1class MoveCorrelator:
2 """Correlate MOVED_FROM/MOVED_TO pairs into single MOVE events."""
3 
4 def __init__(self, timeout: float = 2.0):
5 self.timeout = timeout
6 self._pending: Optional[FileEvent] = None
7 
8 def process(self, event: FileEvent) -> Optional[FileEvent]:
9 if event.event_type == "MOVED_FROM":
10 flushed = self._flush_pending()
11 self._pending = event
12 self._pending_time = time.monotonic()
13 return flushed
14 
15 if event.event_type == "MOVED_TO":
16 if self._pending:
17 # Correlate: combine into a MOVE event
18 move_event = FileEvent(
19 event_type="MOVE",
20 file_path=event.file_path,
21 timestamp=event.timestamp,
22 old_path=self._pending.file_path,
23 )
24 move_event.stat_file()
25 self._pending = None
26 return move_event
27 else:
28 # MOVED_TO without MOVED_FROM - treat as CREATE
29 event.event_type = "CREATE"
30 event.stat_file()
31 return event

If the MOVED_TO never comes (file moved outside the watched tree), the timeout expires and the orphaned MOVED_FROM becomes a DELETE. Clean and deterministic.

Database Resilience

The service writes to a PostgreSQL database, but the NFS mount and the database server are on different machines. Network hiccups happen. The original snapshot pipeline would just lose events during outages. Preservation Monitor handles this differently:

  • Events are always written to the daily audit log first, regardless of database state
  • Database writes are buffered and batched (up to 100 events or every 5 seconds)
  • If the database is unreachable, the buffer grows in memory and the service retries every 30 seconds
  • A replay mode can re-process audit log files to backfill the database after extended outages

The audit log files are the source of truth. The database is a queryable index over them.

The Originals Table

Beyond just tracking changes, Preservation Monitor maintains a live inventory of every file on the array in an originals table. Creates trigger upserts, deletes remove rows, and renames update paths in place.

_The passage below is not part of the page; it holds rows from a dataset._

Lemma lattice_involution_flip_diag : lattice_involution flip_diag.
Proof. involution_tac. Qed.
Lemma lattice_involution_flip_antidiag h : lattice_involution (flip_antidiag h).
Proof. involution_tac. Qed.
Lemma lattice_involution_flip_center h : lattice_involution (flip_center h).
Proof. involution_tac. Qed.
Lemma lattice_involution_flip_vertical h : lattice_involution (flip_vertical h).
Proof. involution_tac. Qed.

Ltac quad_map_tac Hx Hy :=
  unfold aff_apply, flip_diag, flip_antidiag, flip_center, flip_vertical;
  cbn [fst snd m11 m12 m21 m22 t1 t2]; rewrite ?minus_IZR;
  repeat split; try lra; rewrite Hx, Hy; nra.

Lemma quad_flip_diag h a b c d p :
  quad h a b c d p -> quad h b a d c (aff_apply flip_diag p).
Proof.
  rewrite !quad_iff. intros (w0 & w1 & w2 & w3 & H0 & H1 & H2 & H3 & Hw & Hx & Hy).
  exists w1, w0, w3, w2. quad_map_tac Hx Hy.
Qed.

Lemma quad_flip_antidiag h a b c d p :
  quad h a b c d p -> quad h c d a b (aff_apply (flip_antidiag h) p).
Proof.
  rewrite !quad_iff. intros (w0 & w1 & w2 & w3 & H0 & H1 & H2 & H3 & Hw & Hx & Hy).
  exists w2, w3, w0, w1. quad_map_tac Hx Hy.
Qed.

Lemma quad_flip_center h a b c d p :
  quad h a b c d p -> quad h d c b a (aff_apply (flip_center h) p).
Proof.
  rewrite !quad_iff. intros (w0 & w1 & w2 & w3 & H0 & H1 & H2 & H3 & Hw & Hx & Hy).
  exists w3, w2, w1, w0. quad_map_tac Hx Hy.
Qed.

Lemma quad_flip_vertical h a b c d p :
  quad h a b c d p -> quad h (h - a) (h - c) (h - b) (h - d) (aff_apply (flip_vertical h) p).
Proof.
  rewrite !quad_iff. intros (w0 & w1 & w2 & w3 & H0 & H1 & H2 & H3 & Hw & Hx & Hy).
  exists w0, w2, w1, w3. quad_map_tac Hx Hy.
Qed.

Lemma image_quad_flip_diag h a b c d : image flip_diag (quad h a b c d) = quad h b a d c.
Proof.
  apply image_eq_of_involution;
    [apply lattice_involution_flip_diag | apply quad_flip_diag | apply quad_flip_diag].
Qed.
(* Let $\phi$ be a real function on finite strings over $\{1,\dots,k_0\}$ that is increasing, i.e. $\phi(u)\le\phi(w)$ whenever $u$ is a contiguous substring of $w$. For the stationary mean $\mu$ of the RHA process and all $n\ge1$, $j\ge1$, $$\mathbb E_P\,\phi(X^{n-1}_j)\le\mathbb E_\mu\,\phi(\xi_{1:2^n})\le\mathbb E_P\,\phi(X^{n+1}_j).$$
   Context: Random hierarchical association (RHA) process. Fix positive integers $(k_n)_{n\ge0}$ (perplexities) with $k_{n-1}\le k_n\le k_{n-1}^2$ for all $n\ge1$. On a probability space $(\Omega,\mathcal J,P)$ let, for each $n\ge1$, $(L_{nj},R_{nj})_{j=1}^{k_n}$ be the lexicographically sorted enumeration of a uniformly random $k_n$-element subset of $\{1,\dots,k_{n-1}\}^2$ (each of the $\binom{k_{n-1}^2}{k_n}$ subsets equally likely), independently over $n$. Let $(C_n)_{n\ge0}$ be independent, independent of all $(L_{nj},R_{nj})$, with $C_n$ uniform on $\{1,\dots,k_n\}$. Define strings $Y^0_j=j$ (length 1) for $1\le j\le k_0$ and $Y^n_j=Y^{n-1}_{L_{nj}}Y^{n-1}_{R_{nj}}$ (concatenation). The RHA process is $\mathcal X=Y^0_{C_0}Y^1_{C_1}Y^2_{C_2}\cdots=X_1X_2X_3\cdots$, $X_{k:l}=X_k\cdots X_l$; for $n\ge0$, $j\ge1$, $X^n_j=X_{j2^n:(j+1)2^n-1}$. The limits $\mu(x_{1:m})=\lim_{N\to\infty}\frac1N\sum_{i=1}^NP(X_{i:i+m-1}=x_{1:m})$ exist and define a stationary probability measure $\mu$ on $\{1,\dots,k_0\}^{\mathbb N}$ (the stationary mean), with coordinate maps $\xi_i$. *)

(* Reals + lists.  All probabilities are finite uniform averages. *)
From Stdlib Require Import Reals List Arith.
Import ListNotations.
Open Scope R_scope.

Fixpoint choose {A : Type} (r : nat) (l : list A) : list (list A) :=
  match l with
  | [] => match r with O => [[]] | S _ => [] end
  | x :: l' => match r with
               | O => [[]]
               | S r' => map (cons x) (choose r' l') ++ choose r l'
               end
  end.
Lemma reconf_to_minimum (Ds : {set T}) k (C : {set T}) :
  minimum_dominating e Ds -> dominating e C -> #|C| <= k -> reconf e k.+1 C Ds.
Proof.
move=> [domDs minDs]; have [n] := ubnP (#|C| + #|C :\: Ds|).
elim: n C => // n IH C /ltnSE-measure_n domC leCk.
have [<- | neCDs] := eqVneq C Ds; first exact: reconf_refl domC (leqW leCk).
have [/exists_inP[v vC domCv] | /exists_inPn minC] :=
  boolP [exists v in C, dominating e (C :\ v)].
  have cardC : #|C| = #|C :\ v|.+1 by rewrite (cardsD1 v C) vC.
  have : #|(C :\ v) :\: Ds| <= #|C :\: Ds| by apply/subset_leq_card/setSD/subD1set.
  move=> leCvDs; apply: (reconf_cons (dom_adjD1 vC) domC (leqW leCk)).
  by apply: IH domCv _; move: measure_n leCk; rewrite cardC; lia.
have [u [w [uB wA domCuw]]] := minimal_dominating_exchange
  domC minC domDs (minDs C domC) neCDs.
move: uB wA; rewrite !in_setD => /andP[uNC uDs] /andP[wNDs wC].
have wCu : w \in u |: C by rewrite in_setU1 wC orbT.
have cardCu : #|u |: C| = #|C|.+1 by rewrite cardsU1 uNC.
have cardCuw : #|(u |: C) :\ w| = #|C|.
  by apply/eqP; rewrite -eqSS -cardCu (cardsD1 w (u |: C)) wCu.
have : #|((u |: C) :\ w) :\: Ds| < #|C :\: Ds|.
  rewrite (cardsD1 w (C :\: Ds)) in_setD wNDs wC ltnS; apply/subset_leq_card/subsetP => x.
  rewrite !inE => /and3P[xNDs xw /orP[/eqP xu|xC]]; last by rewrite xw xNDs xC.
  by rewrite xu uDs in xNDs.
move=> ltCuwDs; apply: (reconf_cons (dom_adjU1 uNC) domC (leqW leCk)).
apply: (reconf_cons (dom_adjD1 wCu) (dominatingS (subsetUr _ _) domC)).
  by rewrite cardCu.
by apply: IH domCuw _; move: measure_n leCk; rewrite cardCuw; lia.
Qed.

End Forest.

Theorem lemma7 (T : finType) (e : rel T) :
  is_tree e -> exists Ds : {set T}, canonical_dominating e Ds.
Proof.
move=> [[e_sym e_irr] [_ e_acyclic]].
have [Ds domDs minDs] := arg_minnP (fun D : {set T} => #|D|) (dominating_setT e).
have minimumDs : minimum_dominating e Ds by split.
exists Ds; split=> // D domD.
by apply: (reconf_to_minimum e_sym e_irr e_acyclic minimumDs domD).
Qed.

A separate reconcile mode can do a full filesystem walk to rebuild this table from scratch if needed, which is invaluable for disaster recovery planning.

What We Replaced

Before After
Bash script + cron on the NAS Single Python service on one server
ZFS snapshot pipeline across 3 servers Direct inotifywait event stream
Redis queue for event transport In-memory buffer with audit log backup
No structured data, just log files PostgreSQL with queryable change history
Silent failures when Redis backed up Automatic retry with audit log replay

Lessons Learned

Separate your transactions carefully. The first version of this service ran record_changes() and sync_originals() as if they were a single operation. When sync_originals failed (a NOT NULL constraint on a file that had disappeared before we could stat it over NFS), the exception prevented the buffer from clearing, but the record_changes INSERT had already committed. Every 30-second retry re-inserted the entire buffer. The file_changes table grew to 27GB in a matter of days before we caught it. The fix was straightforward: treat the audit insert and the inventory sync as independent operations. If the inventory update fails, log it and move on. The audit data is already safely committed.

NFS and stat() don't always agree. When a file is created and quickly deleted (or is a transient temp file), stat_file() can fail by the time we get to it. The code now gracefully handles NULL size and inode values rather than letting them cascade into a database constraint violation.

Simpler is more reliable. Three servers, two queues, and a cron job turned out to be harder to maintain than a single Python process reading lines from stdout. The new system has fewer moving parts, fewer failure modes, and when something does go wrong, there's one log file on one machine to check.


Preservation Monitor is running in production at the Mississippi Department of Archives and History, quietly watching over Mississippi's digitized historical record.